— WHAT YOU ARE ASKED TO DO —
In your answer, print every record exactly as it is written.

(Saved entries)
————

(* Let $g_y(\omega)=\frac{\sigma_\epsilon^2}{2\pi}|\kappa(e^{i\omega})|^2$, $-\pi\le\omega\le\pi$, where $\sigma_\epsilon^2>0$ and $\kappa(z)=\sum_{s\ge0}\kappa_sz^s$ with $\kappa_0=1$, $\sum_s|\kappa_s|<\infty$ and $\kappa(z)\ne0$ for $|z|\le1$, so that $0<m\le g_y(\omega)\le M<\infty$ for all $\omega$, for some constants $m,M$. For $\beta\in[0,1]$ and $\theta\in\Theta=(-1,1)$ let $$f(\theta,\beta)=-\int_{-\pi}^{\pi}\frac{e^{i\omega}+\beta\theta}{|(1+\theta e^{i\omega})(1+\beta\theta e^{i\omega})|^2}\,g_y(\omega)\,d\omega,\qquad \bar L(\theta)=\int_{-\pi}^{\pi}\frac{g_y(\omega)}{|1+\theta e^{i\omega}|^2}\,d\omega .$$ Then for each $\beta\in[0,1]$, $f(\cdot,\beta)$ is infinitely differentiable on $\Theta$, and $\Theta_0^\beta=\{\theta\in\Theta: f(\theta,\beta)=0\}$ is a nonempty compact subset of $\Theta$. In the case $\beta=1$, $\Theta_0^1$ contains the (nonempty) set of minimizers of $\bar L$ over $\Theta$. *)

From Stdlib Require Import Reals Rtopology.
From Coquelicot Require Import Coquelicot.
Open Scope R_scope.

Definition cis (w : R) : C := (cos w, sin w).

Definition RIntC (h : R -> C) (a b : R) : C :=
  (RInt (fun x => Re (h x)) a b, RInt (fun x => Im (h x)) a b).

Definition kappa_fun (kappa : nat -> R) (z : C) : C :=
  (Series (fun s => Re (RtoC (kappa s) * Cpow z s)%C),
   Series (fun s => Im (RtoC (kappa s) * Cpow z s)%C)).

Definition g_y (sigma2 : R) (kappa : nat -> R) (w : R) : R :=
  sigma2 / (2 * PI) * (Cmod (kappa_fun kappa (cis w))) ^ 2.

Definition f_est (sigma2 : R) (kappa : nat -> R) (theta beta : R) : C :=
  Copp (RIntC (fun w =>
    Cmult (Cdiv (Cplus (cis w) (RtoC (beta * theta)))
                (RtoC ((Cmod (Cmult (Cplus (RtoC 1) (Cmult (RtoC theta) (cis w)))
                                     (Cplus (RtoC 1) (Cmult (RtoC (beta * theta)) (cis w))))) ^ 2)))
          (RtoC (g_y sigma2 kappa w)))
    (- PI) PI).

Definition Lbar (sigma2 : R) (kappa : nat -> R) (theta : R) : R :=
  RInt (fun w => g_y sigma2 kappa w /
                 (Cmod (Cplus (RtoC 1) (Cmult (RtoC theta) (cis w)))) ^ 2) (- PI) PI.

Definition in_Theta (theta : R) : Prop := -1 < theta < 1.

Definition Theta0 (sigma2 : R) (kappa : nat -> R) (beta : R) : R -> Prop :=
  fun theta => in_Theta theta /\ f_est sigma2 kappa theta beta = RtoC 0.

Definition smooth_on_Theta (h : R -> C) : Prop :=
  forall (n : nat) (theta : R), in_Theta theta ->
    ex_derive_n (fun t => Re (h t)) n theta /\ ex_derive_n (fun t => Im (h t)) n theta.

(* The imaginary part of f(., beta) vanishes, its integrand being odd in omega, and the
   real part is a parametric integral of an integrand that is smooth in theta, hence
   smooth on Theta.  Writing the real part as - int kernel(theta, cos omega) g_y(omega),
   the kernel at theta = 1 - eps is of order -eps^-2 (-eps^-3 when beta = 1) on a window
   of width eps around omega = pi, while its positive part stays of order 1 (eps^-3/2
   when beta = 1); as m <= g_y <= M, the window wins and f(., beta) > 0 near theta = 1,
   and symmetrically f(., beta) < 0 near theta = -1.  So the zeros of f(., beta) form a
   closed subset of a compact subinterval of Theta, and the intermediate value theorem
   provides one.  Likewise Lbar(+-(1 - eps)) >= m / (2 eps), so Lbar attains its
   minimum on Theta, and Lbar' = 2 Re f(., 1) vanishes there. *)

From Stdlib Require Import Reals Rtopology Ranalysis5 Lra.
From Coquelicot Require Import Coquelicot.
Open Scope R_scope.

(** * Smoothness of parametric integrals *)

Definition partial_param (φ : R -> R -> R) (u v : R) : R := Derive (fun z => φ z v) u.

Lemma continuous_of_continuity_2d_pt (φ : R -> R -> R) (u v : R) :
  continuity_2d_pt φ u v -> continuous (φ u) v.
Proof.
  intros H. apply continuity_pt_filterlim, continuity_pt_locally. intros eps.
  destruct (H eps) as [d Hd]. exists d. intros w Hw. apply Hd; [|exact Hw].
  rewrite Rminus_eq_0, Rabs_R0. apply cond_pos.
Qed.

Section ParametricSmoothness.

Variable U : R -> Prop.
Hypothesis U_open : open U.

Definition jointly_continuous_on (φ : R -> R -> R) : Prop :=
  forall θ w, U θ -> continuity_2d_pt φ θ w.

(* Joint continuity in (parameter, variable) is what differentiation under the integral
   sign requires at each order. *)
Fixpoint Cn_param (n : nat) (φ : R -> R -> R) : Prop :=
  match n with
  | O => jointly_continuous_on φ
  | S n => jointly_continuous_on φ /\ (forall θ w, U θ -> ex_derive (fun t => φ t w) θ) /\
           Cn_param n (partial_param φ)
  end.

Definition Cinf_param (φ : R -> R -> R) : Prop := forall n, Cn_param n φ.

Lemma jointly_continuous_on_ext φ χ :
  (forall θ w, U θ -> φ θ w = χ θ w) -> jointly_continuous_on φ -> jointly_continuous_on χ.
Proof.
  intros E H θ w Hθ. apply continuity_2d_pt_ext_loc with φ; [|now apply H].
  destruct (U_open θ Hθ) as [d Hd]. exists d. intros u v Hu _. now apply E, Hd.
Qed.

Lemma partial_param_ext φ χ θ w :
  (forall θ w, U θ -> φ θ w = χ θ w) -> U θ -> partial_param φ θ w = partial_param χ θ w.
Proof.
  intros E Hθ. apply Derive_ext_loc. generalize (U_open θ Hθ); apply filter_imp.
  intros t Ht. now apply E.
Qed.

————

— SOLUTION TO THIS TASK —
(* Let $g_y(\omega)=\frac{\sigma_\epsilon^2}{2\pi}|\kappa(e^{i\omega})|^2$, $-\pi\le\omega\le\pi$, where $\sigma_\epsilon^2>0$ and $\kappa(z)=\sum_{s\ge0}\kappa_sz^s$ with $\kappa_0=1$, $\sum_s|\kappa_s|<\infty$ and $\kappa(z)\ne0$ for $|z|\le1$, so that $0<m\le g_y(\omega)\le M<\infty$ for all $\omega$, for some constants $m,M$. For $\beta\in[0,1]$ and $\theta\in\Theta=(-1,1)$ let $$f(\theta,\beta)=-\int_{-\pi}^{\pi}\frac{e^{i\omega}+\beta\theta}{|(1+\theta e^{i\omega})(1+\beta\theta e^{i\omega})|^2}\,g_y(\omega)\,d\omega,\qquad \bar L(\theta)=\int_{-\pi}^{\pi}\frac{g_y(\omega)}{|1+\theta e^{i\omega}|^2}\,d\omega .$$ Then for each $\beta\in[0,1]$, $f(\cdot,\beta)$ is infinitely differentiable on $\Theta$, and $\Theta_0^\beta=\{\theta\in\Theta: f(\theta,\beta)=0\}$ is a nonempty compact subset of $\Theta$. In the case $\beta=1$, $\Theta_0^1$ contains the (nonempty) set of minimizers of $\bar L$ over $\Theta$. *)

From Stdlib Require Import Reals Rtopology.
From Coquelicot Require Import Coquelicot.
Open Scope R_scope.

Definition cis (w : R) : C := (cos w, sin w).

Definition RIntC (h : R -> C) (a b : R) : C :=
  (RInt (fun x => Re (h x)) a b, RInt (fun x => Im (h x)) a b).

Definition kappa_fun (kappa : nat -> R) (z : C) : C :=
  (Series (fun s => Re (RtoC (kappa s) * Cpow z s)%C),
   Series (fun s => Im (RtoC (kappa s) * Cpow z s)%C)).

Definition g_y (sigma2 : R) (kappa : nat -> R) (w : R) : R :=
  sigma2 / (2 * PI) * (Cmod (kappa_fun kappa (cis w))) ^ 2.

Definition f_est (sigma2 : R) (kappa : nat -> R) (theta beta : R) : C :=
  Copp (RIntC (fun w =>
    Cmult (Cdiv (Cplus (cis w) (RtoC (beta * theta)))
                (RtoC ((Cmod (Cmult (Cplus (RtoC 1) (Cmult (RtoC theta) (cis w)))
                                     (Cplus (RtoC 1) (Cmult (RtoC (beta * theta)) (cis w))))) ^ 2)))
          (RtoC (g_y sigma2 kappa w)))
    (- PI) PI).

Definition Lbar (sigma2 : R) (kappa : nat -> R) (theta : R) : R :=
  RInt (fun w => g_y sigma2 kappa w /
                 (Cmod (Cplus (RtoC 1) (Cmult (RtoC theta) (cis w)))) ^ 2) (- PI) PI.

Definition in_Theta (theta : R) : Prop := -1 < theta < 1.

Definition Theta0 (sigma2 : R) (kappa : nat -> R) (beta : R) : R -> Prop :=
  fun theta => in_Theta theta /\ f_est sigma2 kappa theta beta = RtoC 0.

Definition smooth_on_Theta (h : R -> C) : Prop :=
  forall (n : nat) (theta : R), in_Theta theta ->
    ex_derive_n (fun t => Re (h t)) n theta /\ ex_derive_n (fun t => Im (h t)) n theta.

(* The imaginary part of f(., beta) vanishes, its integrand being odd in omega, and the
   real part is a parametric integral of an integrand that is smooth in theta, hence
   smooth on Theta.  Writing the real part as - int kernel(theta, cos omega) g_y(omega),
   the kernel at theta = 1 - eps is of order -eps^-2 (-eps^-3 when beta = 1) on a window
   of width eps around omega = pi, while its positive part stays of order 1 (eps^-3/2
   when beta = 1); as m <= g_y <= M, the window wins and f(., beta) > 0 near theta = 1,
   and symmetrically f(., beta) < 0 near theta = -1.  So the zeros of f(., beta) form a
   closed subset of a compact subinterval of Theta, and the intermediate value theorem
   provides one.  Likewise Lbar(+-(1 - eps)) >= m / (2 eps), so Lbar attains its
   minimum on Theta, and Lbar' = 2 Re f(., 1) vanishes there. *)

From Stdlib Require Import Reals Rtopology Ranalysis5 Lra.
From Coquelicot Require Import Coquelicot.
Open Scope R_scope.

(** * Smoothness of parametric integrals *)

Definition partial_param (φ : R -> R -> R) (u v : R) : R := Derive (fun z => φ z v) u.

Lemma continuous_of_continuity_2d_pt (φ : R -> R -> R) (u v : R) :
  continuity_2d_pt φ u v -> continuous (φ u) v.
Proof.
  intros H. apply continuity_pt_filterlim, continuity_pt_locally. intros eps.
  destruct (H eps) as [d Hd]. exists d. intros w Hw. apply Hd; [|exact Hw].
  rewrite Rminus_eq_0, Rabs_R0. apply cond_pos.
Qed.

Section ParametricSmoothness.

Variable U : R -> Prop.
Hypothesis U_open : open U.

Definition jointly_continuous_on (φ : R -> R -> R) : Prop :=
  forall θ w, U θ -> continuity_2d_pt φ θ w.

(* Joint continuity in (parameter, variable) is what differentiation under the integral
   sign requires at each order. *)
Fixpoint Cn_param (n : nat) (φ : R -> R -> R) : Prop :=
  match n with
  | O => jointly_continuous_on φ
  | S n => jointly_continuous_on φ /\ (forall θ w, U θ -> ex_derive (fun t => φ t w) θ) /\
           Cn_param n (partial_param φ)
  end.

Definition Cinf_param (φ : R -> R -> R) : Prop := forall n, Cn_param n φ.

Lemma jointly_continuous_on_ext φ χ :
  (forall θ w, U θ -> φ θ w = χ θ w) -> jointly_continuous_on φ -> jointly_continuous_on χ.
Proof.
  intros E H θ w Hθ. apply continuity_2d_pt_ext_loc with φ; [|now apply H].
  destruct (U_open θ Hθ) as [d Hd]. exists d. intros u v Hu _. now apply E, Hd.
Qed.

Lemma partial_param_ext φ χ θ w :
  (forall θ w, U θ -> φ θ w = χ θ w) -> U θ -> partial_param φ θ w = partial_param χ θ w.
Proof.
  intros E Hθ. apply Derive_ext_loc. generalize (U_open θ Hθ); apply filter_imp.
  intros t Ht. now apply E.
Qed.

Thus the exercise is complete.